What are the challenges associated with Cloud Computing?
Cloud computing can present several challenges, including:
- Security: Storing data and running applications in the cloud can raise security concerns, such as the risk of data breaches or unauthorized access. Cloud providers may also have different security protocols, so it is important to ensure that they align with your organization’s security standards.
- Compliance: Some industries have specific compliance requirements, such as healthcare or financial services, and cloud providers may not be able to meet those requirements or may not have the necessary certifications.
- Vendor lock-in: Once an organization’s data and applications are stored with a particular cloud provider, it can be difficult and expensive to move them to a different provider.
- Internet dependency: Cloud computing relies on a stable and fast internet connection, if the connection is lost, access to the cloud services and data stored there will be lost too.
- Downtime: Cloud providers may experience downtime for maintenance or other reasons, which can disrupt access to data and applications for users.
- Privacy: In some cases, storing data on a third-party service may raise concerns about the privacy and protection of that data. Organizations should ensure their data is protected and that there is no unauthorized access to it.
- Cost: While cloud computing can be cost-effective in the long run, it can also present unexpected costs (overages for data storage or bandwidth usage, etc.) as well as costs associated with configuring and managing the cloud environment.
Can cloud computing and edge computing work together?
Many organizations can benefit from using both cloud computing and edge computing together, applying the strengths of each technology. Just as cloud computing combines physical bits of hardware to create something greater than the sum of its parts, a broad approach that encompasses a user’s device, edge computing, and a centralized cloud can deliver the best of all worlds. Edge computing can handle real-time data processing and low-latency applications before passing things along to the cloud for superior scalability, flexibility, data storage and long-term analysis.
In fact, there is already a common architecture (sometimes known as “Fog Computing”) that incorporates both cloud computing and edge computing together (more on this in a future blog post). In this architecture, edge devices collect and process data where it is generated, reducing both size and complexity while retaining only relevant parts for delivery to a nearby regional node. That node acts as a gateway between the edge devices and cloud, further processing the data (i.e. aggregating, filtering, and compressing) before sending it over the internet for storage and long-term analysis.
This type of architecture allows modern applications to take advantage of the low-latency and real-time processing capabilities of edge computing, while also being able to scale and access the massive data storage and analysis capabilities of cloud computing.

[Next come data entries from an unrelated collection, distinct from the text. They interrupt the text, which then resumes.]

Definition q_mu (g mu r t : R) : R :=
  RInt_gen (fun s => p_bessel g r s * p_fpt mu s t)
           (at_right 0) (Rbar_locally p_infty).

From Stdlib Require Import Reals Lra Psatz.
From Coquelicot Require Import Coquelicot.
Open Scope R_scope.

(* After substituting the two densities the integrand is
   c r^(g-1) t e^(mu t) s^(-m) e^(-a/s - b s)  with  m = (g+3)/2, a = (r^2+t^2)/2,
   b = mu^2/2, so q_mu = c r^(g-1) t e^(mu t) H_m(a) where
   H_m(a) = int_0^oo s^(-m) e^(-a/s - b s) ds.  Differentiating under the integral
   gives dH_m/da = - H_(m+1), and integrating the s-derivative of the integrand,
   which vanishes at 0 and +oo, gives the recurrence a H_(m+2) = m H_(m+1) + b H_m.
   Both sides of the equation are then combinations of H_m, H_(m+1), H_(m+2) with
   explicit coefficients, and the recurrence identifies them. *)

Lemma exp_le_mono x y : x <= y -> exp x <= exp y.
Proof. intros [Hlt | ->]; [left; now apply exp_increasing | right; reflexivity]. Qed.

Lemma ln_le_sub_1 y : 0 < y -> ln y <= y - 1.
Proof. intros Hy. pose proof (exp_ineq1_le (ln y)) as Hexp. rewrite exp_ln in Hexp by exact Hy. lra. Qed.

Lemma locally_gt_0 y : 0 < y -> locally y (fun z => 0 < z).
Proof. exact (open_gt 0 y). Qed.

Lemma at_right_0_lt A : 0 < A -> at_right 0 (fun x => 0 < x < A).
Proof.
  intros HA. unfold at_right, within. apply (filter_imp (fun x => x < A)); [|exact (open_lt A 0 HA)].
  intros x HxA Hx. lra.
Qed.

Lemma filter_prod_0_infty (P : R * R -> Prop) :
  (forall a b, 0 < a <= b -> P (a, b)) ->
  filter_prod (at_right 0) (Rbar_locally p_infty) P.
Proof.
  intros HP. apply Filter_prod with (fun x => 0 < x < 1) (fun x => 1 < x).
  - apply at_right_0_lt; lra.
  - exists 1. tauto.
  - intros a b Ha Hb. apply HP. lra.
Qed.

Lemma is_derive_2 (f f' : R -> R) x l :
  locally x (fun y => is_derive f y (f' y)) -> is_derive f' x l ->
  ex_derive (Derive f) x /\ Derive_n f 2 x = l.
Proof.
  intros Hf Hf'.
  assert (Hloc : locally x (fun y => f' y = Derive f y)).
  { apply (filter_imp _ _ (fun y Hy => eq_sym (is_derive_unique f y (f' y) Hy)) Hf). }
  split.
  - exists l. exact (is_derive_ext_loc _ _ x l Hloc Hf').
  - change (Derive (Derive f) x = l).
    rewrite <- (Derive_ext_loc _ _ x Hloc). now apply is_derive_unique.
Qed.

A good example of this is industrial automation, where edge computing can be used to analyze sensor data and control machinery in real-time. Cloud computing is then used to store and analyze historical data for purposes of optimizing production. In the case of a smart city, edge computing is used to perform real-time analysis of sensor data, optimizing traffic flow while the cloud stores and analyzes historical data for use in future infrastructure plans.
Whatever your specific applications may be, let your requirements be your guide when outlining the architecture for your business. The odds are good that you’re already using some form of cloud technologies today, but can anything be gained by pairing an edge computing strategy alongside it? Would your business benefit from real-time decision making after your systems interact with the outside world? If the answer is yes then edge computing is likely worth looking into.